» ASSIGNMENT
Copies of all lines that contain "then" are needed; take them from the data below.

» MATERIAL FOR THE TASK

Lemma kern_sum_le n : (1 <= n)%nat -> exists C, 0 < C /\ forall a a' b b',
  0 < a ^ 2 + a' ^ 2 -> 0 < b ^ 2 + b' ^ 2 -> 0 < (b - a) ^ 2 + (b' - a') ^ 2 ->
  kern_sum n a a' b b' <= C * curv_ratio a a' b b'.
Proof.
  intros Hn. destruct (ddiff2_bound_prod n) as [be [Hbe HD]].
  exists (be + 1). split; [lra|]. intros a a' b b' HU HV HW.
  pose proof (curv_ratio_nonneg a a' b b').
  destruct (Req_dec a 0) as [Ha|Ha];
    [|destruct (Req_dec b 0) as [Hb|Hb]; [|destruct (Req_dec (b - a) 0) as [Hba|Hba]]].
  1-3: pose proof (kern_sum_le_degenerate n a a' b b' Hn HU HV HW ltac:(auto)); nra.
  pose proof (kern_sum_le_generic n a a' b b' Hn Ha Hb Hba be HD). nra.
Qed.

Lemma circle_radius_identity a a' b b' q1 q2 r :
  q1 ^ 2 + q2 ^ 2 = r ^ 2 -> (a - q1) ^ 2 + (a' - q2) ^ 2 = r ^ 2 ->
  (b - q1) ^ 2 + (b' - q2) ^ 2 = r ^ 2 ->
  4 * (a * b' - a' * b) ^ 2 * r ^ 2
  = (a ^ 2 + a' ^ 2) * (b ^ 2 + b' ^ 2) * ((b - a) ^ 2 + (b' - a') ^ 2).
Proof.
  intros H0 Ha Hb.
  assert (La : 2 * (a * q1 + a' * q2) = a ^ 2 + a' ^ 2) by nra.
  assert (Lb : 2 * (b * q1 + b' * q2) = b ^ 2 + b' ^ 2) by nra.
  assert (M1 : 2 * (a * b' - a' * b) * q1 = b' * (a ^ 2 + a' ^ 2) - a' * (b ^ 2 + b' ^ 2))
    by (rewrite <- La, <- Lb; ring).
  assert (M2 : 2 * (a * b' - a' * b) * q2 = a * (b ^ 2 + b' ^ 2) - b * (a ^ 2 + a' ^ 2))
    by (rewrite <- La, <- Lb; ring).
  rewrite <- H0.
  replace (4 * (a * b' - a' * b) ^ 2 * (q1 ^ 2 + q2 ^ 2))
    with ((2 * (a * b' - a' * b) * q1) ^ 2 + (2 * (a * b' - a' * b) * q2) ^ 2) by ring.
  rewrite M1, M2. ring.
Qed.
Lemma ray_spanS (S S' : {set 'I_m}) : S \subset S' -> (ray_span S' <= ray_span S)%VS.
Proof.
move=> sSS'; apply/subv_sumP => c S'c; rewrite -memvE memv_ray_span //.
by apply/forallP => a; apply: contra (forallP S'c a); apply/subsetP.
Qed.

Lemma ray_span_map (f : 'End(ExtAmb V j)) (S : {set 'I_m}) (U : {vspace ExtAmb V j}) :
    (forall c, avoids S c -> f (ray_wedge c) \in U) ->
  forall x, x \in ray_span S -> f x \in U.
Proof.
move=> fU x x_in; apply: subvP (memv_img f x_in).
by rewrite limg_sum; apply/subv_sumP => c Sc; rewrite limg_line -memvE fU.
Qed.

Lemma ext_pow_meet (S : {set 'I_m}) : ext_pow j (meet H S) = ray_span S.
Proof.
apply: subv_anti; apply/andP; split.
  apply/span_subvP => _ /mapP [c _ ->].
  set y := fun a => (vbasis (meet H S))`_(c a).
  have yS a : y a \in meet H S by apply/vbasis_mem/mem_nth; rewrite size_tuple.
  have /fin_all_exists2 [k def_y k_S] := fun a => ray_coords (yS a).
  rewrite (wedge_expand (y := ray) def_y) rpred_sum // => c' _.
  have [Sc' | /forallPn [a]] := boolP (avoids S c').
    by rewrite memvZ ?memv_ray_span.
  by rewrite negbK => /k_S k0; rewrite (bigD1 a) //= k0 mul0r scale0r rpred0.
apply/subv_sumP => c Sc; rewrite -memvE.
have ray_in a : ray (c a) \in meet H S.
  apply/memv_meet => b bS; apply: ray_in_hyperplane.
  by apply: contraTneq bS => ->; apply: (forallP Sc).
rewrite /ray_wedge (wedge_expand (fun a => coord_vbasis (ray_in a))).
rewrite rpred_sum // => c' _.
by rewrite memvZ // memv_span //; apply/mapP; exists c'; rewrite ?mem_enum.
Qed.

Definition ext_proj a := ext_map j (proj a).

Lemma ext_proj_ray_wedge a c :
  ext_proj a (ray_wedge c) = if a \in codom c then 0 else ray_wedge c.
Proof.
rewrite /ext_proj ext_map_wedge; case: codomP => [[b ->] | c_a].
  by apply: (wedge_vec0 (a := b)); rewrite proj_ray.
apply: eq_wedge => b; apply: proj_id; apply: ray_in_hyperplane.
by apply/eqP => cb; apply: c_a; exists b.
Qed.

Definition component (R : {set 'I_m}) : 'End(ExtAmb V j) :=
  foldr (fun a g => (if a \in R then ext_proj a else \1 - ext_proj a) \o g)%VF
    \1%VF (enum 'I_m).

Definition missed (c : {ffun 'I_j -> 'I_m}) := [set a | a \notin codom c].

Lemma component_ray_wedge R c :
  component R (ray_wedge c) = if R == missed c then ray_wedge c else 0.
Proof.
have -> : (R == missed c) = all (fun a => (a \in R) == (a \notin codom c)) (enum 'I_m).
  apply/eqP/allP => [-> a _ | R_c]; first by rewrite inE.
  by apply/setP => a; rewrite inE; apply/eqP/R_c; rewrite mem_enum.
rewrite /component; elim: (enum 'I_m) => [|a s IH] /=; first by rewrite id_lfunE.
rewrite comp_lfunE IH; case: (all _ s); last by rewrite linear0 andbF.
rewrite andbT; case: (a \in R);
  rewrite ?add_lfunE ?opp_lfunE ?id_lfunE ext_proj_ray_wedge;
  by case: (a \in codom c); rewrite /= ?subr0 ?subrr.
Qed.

» ANSWER SECTION
  ext_proj a (ray_wedge c) = if a \in codom c then 0 else ray_wedge c.
  foldr (fun a g => (if a \in R then ext_proj a else \1 - ext_proj a) \o g)%VF
  component R (ray_wedge c) = if R == missed c then ray_wedge c else 0.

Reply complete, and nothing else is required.